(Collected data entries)
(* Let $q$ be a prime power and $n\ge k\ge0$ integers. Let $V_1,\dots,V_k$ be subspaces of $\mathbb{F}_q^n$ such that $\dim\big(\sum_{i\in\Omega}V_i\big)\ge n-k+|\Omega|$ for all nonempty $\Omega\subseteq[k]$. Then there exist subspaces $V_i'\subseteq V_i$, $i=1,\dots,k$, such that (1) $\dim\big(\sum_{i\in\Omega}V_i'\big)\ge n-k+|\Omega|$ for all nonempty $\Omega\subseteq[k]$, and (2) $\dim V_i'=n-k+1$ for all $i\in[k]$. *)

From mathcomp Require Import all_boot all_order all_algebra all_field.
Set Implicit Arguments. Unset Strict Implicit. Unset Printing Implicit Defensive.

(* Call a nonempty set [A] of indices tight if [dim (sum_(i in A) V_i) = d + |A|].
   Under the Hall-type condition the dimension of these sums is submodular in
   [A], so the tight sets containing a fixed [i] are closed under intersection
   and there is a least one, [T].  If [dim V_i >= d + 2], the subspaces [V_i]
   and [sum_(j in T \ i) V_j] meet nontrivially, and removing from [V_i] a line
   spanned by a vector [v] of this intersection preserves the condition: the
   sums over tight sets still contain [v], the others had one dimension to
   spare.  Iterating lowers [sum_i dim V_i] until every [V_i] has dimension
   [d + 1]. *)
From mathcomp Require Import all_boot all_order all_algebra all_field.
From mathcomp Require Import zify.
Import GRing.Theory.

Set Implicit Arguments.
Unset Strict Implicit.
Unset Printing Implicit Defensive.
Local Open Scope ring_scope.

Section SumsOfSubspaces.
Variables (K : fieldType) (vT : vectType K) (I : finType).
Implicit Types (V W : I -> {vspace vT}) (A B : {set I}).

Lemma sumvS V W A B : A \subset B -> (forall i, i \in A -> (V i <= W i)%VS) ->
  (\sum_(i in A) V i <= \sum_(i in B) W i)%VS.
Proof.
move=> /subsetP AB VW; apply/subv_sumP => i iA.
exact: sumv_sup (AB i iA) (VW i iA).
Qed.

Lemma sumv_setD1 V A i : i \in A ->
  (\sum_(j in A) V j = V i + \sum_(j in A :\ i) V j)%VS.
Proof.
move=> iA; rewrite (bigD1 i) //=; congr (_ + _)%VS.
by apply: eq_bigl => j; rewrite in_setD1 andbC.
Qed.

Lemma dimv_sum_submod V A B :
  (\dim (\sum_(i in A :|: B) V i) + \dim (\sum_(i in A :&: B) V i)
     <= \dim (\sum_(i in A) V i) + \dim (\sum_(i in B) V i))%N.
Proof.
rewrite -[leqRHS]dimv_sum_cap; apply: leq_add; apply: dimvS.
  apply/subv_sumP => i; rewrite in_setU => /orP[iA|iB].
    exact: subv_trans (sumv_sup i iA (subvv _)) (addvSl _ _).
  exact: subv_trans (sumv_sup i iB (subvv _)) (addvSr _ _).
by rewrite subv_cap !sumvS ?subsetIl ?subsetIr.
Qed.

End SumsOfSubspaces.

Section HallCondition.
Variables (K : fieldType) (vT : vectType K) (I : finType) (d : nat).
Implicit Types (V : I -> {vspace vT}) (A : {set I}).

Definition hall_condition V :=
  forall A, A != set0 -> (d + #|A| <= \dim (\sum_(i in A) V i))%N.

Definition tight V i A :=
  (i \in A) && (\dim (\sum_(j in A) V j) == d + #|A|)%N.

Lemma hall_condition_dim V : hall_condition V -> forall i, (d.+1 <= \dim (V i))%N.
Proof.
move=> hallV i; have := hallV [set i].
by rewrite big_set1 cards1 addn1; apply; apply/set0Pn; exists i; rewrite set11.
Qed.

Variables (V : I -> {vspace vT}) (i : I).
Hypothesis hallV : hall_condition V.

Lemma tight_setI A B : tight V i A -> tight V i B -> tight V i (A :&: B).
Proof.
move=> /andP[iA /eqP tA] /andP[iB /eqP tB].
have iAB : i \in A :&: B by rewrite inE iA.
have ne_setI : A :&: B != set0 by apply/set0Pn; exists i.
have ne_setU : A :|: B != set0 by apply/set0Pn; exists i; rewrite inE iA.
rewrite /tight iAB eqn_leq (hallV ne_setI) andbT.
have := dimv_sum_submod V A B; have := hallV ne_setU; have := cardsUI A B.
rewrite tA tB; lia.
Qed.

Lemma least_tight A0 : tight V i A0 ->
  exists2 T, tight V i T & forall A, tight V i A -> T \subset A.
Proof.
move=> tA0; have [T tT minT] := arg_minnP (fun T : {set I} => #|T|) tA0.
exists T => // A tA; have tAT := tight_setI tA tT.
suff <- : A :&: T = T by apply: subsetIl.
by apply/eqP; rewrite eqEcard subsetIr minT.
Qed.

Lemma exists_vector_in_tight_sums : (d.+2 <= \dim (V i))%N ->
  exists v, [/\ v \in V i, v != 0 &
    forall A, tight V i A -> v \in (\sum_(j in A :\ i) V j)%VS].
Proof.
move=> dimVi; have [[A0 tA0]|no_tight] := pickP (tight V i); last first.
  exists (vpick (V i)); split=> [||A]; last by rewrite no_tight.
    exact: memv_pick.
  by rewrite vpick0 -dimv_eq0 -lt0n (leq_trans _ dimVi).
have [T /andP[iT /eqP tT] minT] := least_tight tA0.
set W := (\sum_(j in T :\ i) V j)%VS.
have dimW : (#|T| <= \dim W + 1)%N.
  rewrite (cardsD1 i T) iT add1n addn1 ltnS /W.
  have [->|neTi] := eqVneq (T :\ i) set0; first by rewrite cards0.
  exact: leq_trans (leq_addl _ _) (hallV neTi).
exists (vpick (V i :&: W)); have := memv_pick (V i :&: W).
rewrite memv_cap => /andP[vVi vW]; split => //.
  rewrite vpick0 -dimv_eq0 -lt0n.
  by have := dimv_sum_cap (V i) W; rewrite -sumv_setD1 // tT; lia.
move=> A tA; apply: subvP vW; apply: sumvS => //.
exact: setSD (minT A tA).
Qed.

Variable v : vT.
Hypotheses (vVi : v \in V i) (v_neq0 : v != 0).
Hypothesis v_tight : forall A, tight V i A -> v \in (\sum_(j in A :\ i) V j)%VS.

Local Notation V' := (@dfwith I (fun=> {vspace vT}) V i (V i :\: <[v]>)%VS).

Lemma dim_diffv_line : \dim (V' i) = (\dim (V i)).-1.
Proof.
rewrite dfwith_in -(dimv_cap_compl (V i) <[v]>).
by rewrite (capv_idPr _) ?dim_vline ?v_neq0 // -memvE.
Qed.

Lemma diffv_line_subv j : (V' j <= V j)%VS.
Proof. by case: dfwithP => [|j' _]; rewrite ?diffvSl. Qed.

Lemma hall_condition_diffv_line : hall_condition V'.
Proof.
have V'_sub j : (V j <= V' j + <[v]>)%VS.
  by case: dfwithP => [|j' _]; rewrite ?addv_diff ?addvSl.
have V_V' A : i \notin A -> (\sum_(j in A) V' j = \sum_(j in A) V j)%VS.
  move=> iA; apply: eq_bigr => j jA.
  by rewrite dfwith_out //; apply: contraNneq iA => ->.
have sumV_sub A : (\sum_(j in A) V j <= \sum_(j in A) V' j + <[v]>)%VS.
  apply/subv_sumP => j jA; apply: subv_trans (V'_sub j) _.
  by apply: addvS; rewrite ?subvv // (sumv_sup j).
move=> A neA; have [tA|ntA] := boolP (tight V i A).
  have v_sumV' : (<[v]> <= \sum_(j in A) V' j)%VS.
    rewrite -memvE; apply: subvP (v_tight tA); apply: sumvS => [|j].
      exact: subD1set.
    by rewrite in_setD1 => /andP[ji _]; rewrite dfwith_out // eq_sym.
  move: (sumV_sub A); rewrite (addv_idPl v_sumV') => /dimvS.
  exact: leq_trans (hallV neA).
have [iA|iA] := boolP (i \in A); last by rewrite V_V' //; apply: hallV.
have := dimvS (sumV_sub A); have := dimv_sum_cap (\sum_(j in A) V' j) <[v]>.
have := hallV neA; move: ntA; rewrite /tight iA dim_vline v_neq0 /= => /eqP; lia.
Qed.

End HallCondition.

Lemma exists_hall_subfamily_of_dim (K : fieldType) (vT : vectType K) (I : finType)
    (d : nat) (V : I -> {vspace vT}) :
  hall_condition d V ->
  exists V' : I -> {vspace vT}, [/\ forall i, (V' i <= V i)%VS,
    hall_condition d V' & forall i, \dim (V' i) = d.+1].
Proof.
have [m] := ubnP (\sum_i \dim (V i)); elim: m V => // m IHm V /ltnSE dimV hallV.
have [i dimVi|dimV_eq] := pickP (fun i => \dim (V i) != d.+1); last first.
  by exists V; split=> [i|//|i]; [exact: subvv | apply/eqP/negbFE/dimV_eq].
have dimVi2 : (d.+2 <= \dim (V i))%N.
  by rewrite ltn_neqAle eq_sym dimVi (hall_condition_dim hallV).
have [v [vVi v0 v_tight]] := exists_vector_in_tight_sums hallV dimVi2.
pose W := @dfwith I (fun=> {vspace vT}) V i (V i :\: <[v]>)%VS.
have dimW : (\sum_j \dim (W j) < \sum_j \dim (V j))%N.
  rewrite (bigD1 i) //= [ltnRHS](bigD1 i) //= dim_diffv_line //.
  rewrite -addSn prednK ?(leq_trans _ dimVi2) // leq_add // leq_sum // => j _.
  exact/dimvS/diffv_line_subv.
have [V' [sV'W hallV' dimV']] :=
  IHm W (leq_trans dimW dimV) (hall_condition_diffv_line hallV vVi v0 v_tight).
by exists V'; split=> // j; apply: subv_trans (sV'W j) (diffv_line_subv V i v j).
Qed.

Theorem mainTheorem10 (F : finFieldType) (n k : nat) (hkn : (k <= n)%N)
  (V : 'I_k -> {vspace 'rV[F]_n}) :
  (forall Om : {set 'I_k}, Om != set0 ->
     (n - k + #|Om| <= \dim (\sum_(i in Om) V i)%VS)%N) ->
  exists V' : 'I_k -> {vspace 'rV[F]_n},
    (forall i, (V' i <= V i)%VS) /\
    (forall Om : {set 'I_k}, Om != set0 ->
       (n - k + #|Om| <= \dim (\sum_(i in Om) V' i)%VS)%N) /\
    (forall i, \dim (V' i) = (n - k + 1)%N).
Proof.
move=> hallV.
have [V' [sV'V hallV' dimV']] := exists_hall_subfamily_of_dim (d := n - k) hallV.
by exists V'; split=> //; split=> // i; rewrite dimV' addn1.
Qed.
--
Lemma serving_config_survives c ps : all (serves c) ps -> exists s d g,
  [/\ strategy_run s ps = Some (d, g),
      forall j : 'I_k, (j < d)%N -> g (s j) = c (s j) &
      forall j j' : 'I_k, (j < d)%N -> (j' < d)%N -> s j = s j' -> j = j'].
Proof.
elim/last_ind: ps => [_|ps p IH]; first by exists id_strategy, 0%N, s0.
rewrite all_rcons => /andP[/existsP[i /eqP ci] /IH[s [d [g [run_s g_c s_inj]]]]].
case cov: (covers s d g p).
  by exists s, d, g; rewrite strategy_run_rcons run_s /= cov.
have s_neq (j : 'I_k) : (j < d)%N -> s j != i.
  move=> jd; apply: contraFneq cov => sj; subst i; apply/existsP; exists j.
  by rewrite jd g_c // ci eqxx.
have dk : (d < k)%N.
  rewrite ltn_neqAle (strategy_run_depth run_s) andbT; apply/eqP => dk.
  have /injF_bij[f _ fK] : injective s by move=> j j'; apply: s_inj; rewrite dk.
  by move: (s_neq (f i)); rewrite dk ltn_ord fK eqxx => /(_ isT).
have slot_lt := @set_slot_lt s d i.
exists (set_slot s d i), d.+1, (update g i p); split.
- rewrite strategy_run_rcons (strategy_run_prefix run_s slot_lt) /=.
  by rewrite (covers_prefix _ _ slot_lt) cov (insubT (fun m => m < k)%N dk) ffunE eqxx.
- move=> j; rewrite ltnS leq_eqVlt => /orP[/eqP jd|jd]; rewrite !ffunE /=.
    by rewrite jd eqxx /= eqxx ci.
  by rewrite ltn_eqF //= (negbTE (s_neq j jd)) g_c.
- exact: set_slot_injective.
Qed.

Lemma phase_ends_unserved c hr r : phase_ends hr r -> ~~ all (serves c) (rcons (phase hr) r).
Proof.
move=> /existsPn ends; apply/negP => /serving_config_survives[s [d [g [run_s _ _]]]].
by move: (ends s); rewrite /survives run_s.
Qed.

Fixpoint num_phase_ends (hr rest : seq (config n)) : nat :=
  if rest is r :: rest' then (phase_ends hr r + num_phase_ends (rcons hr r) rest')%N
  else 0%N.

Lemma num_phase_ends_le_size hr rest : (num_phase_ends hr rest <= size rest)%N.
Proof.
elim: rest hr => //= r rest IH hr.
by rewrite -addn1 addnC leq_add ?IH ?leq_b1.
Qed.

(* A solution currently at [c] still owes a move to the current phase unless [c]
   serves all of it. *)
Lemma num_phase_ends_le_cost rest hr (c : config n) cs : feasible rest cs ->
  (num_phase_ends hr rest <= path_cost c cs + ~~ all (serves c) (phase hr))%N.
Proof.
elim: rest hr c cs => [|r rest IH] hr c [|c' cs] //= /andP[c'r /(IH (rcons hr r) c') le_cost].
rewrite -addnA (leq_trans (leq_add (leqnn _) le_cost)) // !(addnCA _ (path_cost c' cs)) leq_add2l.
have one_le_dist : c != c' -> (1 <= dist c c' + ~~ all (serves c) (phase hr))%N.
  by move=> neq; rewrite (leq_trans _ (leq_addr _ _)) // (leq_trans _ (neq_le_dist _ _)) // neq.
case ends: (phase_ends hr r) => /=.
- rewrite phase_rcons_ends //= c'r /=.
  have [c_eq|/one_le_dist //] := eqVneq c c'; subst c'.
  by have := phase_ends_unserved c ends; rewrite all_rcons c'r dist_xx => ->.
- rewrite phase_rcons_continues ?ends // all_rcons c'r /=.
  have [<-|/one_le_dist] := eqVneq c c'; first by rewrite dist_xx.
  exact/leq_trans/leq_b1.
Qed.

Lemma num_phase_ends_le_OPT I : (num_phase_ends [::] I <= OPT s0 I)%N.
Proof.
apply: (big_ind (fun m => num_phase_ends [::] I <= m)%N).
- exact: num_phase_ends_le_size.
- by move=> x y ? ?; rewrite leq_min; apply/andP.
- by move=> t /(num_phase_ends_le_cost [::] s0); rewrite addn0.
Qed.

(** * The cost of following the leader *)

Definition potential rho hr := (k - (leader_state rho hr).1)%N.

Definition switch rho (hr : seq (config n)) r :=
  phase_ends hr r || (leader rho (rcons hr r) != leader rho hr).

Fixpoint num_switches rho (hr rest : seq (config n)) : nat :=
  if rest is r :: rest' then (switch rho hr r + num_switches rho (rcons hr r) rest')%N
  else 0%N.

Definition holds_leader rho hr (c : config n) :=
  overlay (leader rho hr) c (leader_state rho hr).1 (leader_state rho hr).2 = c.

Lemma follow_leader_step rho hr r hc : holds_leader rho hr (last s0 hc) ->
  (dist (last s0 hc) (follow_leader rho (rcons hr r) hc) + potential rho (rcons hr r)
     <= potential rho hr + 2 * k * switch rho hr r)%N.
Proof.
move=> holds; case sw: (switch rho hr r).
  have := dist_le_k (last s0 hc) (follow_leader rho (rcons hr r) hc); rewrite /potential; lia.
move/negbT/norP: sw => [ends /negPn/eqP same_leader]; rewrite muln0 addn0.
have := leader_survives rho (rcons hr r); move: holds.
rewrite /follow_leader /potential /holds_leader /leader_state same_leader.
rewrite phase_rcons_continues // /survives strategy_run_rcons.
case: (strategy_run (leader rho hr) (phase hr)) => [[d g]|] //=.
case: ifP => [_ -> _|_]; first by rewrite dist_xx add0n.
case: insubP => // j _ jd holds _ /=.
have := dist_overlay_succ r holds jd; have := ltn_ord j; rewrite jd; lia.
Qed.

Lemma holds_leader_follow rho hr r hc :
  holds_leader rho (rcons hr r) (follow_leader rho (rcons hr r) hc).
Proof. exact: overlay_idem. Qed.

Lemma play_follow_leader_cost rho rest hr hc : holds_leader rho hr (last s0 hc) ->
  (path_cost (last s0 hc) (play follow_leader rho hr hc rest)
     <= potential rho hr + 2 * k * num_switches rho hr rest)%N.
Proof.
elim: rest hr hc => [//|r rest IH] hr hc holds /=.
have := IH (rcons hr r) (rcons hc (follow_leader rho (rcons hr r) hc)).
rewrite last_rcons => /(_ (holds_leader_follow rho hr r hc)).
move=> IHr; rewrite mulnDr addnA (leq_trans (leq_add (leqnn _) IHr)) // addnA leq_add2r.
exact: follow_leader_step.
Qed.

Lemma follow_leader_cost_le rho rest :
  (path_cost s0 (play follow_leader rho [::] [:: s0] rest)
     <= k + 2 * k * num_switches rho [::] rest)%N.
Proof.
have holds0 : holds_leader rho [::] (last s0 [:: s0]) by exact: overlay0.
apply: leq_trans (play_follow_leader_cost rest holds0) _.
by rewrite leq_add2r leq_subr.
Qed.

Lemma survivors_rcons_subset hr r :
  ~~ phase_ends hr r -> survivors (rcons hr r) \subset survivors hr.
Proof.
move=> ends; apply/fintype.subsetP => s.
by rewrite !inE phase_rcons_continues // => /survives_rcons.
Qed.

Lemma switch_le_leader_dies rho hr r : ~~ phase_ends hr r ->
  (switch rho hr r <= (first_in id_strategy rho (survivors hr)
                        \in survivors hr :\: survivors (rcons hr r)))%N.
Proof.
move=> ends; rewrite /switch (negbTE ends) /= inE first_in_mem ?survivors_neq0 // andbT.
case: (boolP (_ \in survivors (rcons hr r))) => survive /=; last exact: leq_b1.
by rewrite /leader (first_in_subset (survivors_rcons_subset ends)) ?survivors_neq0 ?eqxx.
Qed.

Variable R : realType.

> **Requirement**: Would you retype exactly the lines above, from the line with "Lemma least_tight A0 : tight V i A0 ->" to the line with "by rewrite dfwith_out", with both end lines kept and nothing more?

> **Your response**:
Lemma least_tight A0 : tight V i A0 ->
  exists2 T, tight V i T & forall A, tight V i A -> T \subset A.
Proof.
move=> tA0; have [T tT minT] := arg_minnP (fun T : {set I} => #|T|) tA0.
exists T => // A tA; have tAT := tight_setI tA tT.
suff <- : A :&: T = T by apply: subsetIl.
by apply/eqP; rewrite eqEcard subsetIr minT.
Qed.

Lemma exists_vector_in_tight_sums : (d.+2 <= \dim (V i))%N ->
  exists v, [/\ v \in V i, v != 0 &
    forall A, tight V i A -> v \in (\sum_(j in A :\ i) V j)%VS].
Proof.
move=> dimVi; have [[A0 tA0]|no_tight] := pickP (tight V i); last first.
  exists (vpick (V i)); split=> [||A]; last by rewrite no_tight.
    exact: memv_pick.
  by rewrite vpick0 -dimv_eq0 -lt0n (leq_trans _ dimVi).
have [T /andP[iT /eqP tT] minT] := least_tight tA0.
set W := (\sum_(j in T :\ i) V j)%VS.
have dimW : (#|T| <= \dim W + 1)%N.
  rewrite (cardsD1 i T) iT add1n addn1 ltnS /W.
  have [->|neTi] := eqVneq (T :\ i) set0; first by rewrite cards0.
  exact: leq_trans (leq_addl _ _) (hallV neTi).
exists (vpick (V i :&: W)); have := memv_pick (V i :&: W).
rewrite memv_cap => /andP[vVi vW]; split => //.
  rewrite vpick0 -dimv_eq0 -lt0n.
  by have := dimv_sum_cap (V i) W; rewrite -sumv_setD1 // tT; lia.
move=> A tA; apply: subvP vW; apply: sumvS => //.
exact: setSD (minT A tA).
Qed.

Variable v : vT.
Hypotheses (vVi : v \in V i) (v_neq0 : v != 0).
Hypothesis v_tight : forall A, tight V i A -> v \in (\sum_(j in A :\ i) V j)%VS.

Local Notation V' := (@dfwith I (fun=> {vspace vT}) V i (V i :\: <[v]>)%VS).

Lemma dim_diffv_line : \dim (V' i) = (\dim (V i)).-1.
Proof.
rewrite dfwith_in -(dimv_cap_compl (V i) <[v]>).
by rewrite (capv_idPr _) ?dim_vline ?v_neq0 // -memvE.
Qed.

Lemma diffv_line_subv j : (V' j <= V j)%VS.
Proof. by case: dfwithP => [|j' _]; rewrite ?diffvSl. Qed.

Lemma hall_condition_diffv_line : hall_condition V'.
Proof.
have V'_sub j : (V j <= V' j + <[v]>)%VS.
  by case: dfwithP => [|j' _]; rewrite ?addv_diff ?addvSl.
have V_V' A : i \notin A -> (\sum_(j in A) V' j = \sum_(j in A) V j)%VS.
  move=> iA; apply: eq_bigr => j jA.
  by rewrite dfwith_out //; apply: contraNneq iA => ->.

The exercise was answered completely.